[Opening Input data section]
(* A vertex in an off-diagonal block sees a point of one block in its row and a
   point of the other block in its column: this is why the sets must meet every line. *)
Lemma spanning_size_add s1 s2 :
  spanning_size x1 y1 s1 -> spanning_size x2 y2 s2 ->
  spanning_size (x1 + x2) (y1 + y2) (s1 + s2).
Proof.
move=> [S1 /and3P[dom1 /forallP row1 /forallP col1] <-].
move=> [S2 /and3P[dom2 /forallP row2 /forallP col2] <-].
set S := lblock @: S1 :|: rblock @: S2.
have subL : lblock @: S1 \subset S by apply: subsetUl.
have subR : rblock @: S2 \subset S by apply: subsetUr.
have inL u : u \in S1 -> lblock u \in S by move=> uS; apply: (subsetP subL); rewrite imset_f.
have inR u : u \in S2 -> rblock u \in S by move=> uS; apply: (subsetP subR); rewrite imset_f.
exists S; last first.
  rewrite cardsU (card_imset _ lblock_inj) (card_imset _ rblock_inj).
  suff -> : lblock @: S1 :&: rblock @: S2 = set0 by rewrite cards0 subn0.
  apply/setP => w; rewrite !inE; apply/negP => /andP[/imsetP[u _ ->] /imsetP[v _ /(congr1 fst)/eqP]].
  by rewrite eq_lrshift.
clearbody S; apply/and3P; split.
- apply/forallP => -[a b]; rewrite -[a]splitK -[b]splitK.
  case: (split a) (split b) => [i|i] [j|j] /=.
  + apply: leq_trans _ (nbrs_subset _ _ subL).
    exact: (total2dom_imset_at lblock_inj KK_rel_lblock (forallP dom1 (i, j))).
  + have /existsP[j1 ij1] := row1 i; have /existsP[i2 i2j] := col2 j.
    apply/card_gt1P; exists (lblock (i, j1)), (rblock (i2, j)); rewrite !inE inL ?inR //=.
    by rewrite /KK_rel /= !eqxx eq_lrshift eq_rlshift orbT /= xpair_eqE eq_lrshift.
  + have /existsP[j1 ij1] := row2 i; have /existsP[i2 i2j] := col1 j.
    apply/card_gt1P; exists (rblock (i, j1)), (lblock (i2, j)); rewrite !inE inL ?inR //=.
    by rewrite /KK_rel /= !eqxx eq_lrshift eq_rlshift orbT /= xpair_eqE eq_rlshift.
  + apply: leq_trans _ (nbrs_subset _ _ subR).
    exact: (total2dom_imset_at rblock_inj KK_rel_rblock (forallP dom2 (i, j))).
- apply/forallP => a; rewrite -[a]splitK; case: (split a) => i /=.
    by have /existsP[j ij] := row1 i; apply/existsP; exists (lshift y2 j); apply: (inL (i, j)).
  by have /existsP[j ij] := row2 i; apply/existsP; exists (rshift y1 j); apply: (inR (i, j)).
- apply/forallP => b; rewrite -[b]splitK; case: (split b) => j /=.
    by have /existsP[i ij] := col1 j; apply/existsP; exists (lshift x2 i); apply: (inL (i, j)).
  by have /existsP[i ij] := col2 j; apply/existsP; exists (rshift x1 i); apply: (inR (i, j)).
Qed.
[Closing Input data section]
Exercise aim:
What is needed is a verbatim copy of every line in the records above from the one containing "set S := lblock @: S1 :|: rblock @: S2." down to the one containing "rewrite cardsU (card_imset", both included, and nothing more.

Reply to the task:
set S := lblock @: S1 :|: rblock @: S2.
have subL : lblock @: S1 \subset S by apply: subsetUl.
have subR : rblock @: S2 \subset S by apply: subsetUr.
have inL u : u \in S1 -> lblock u \in S by move=> uS; apply: (subsetP subL); rewrite imset_f.
have inR u : u \in S2 -> rblock u \in S by move=> uS; apply: (subsetP subR); rewrite imset_f.
exists S; last first.
  rewrite cardsU (card_imset _ lblock_inj) (card_imset _ rblock_inj).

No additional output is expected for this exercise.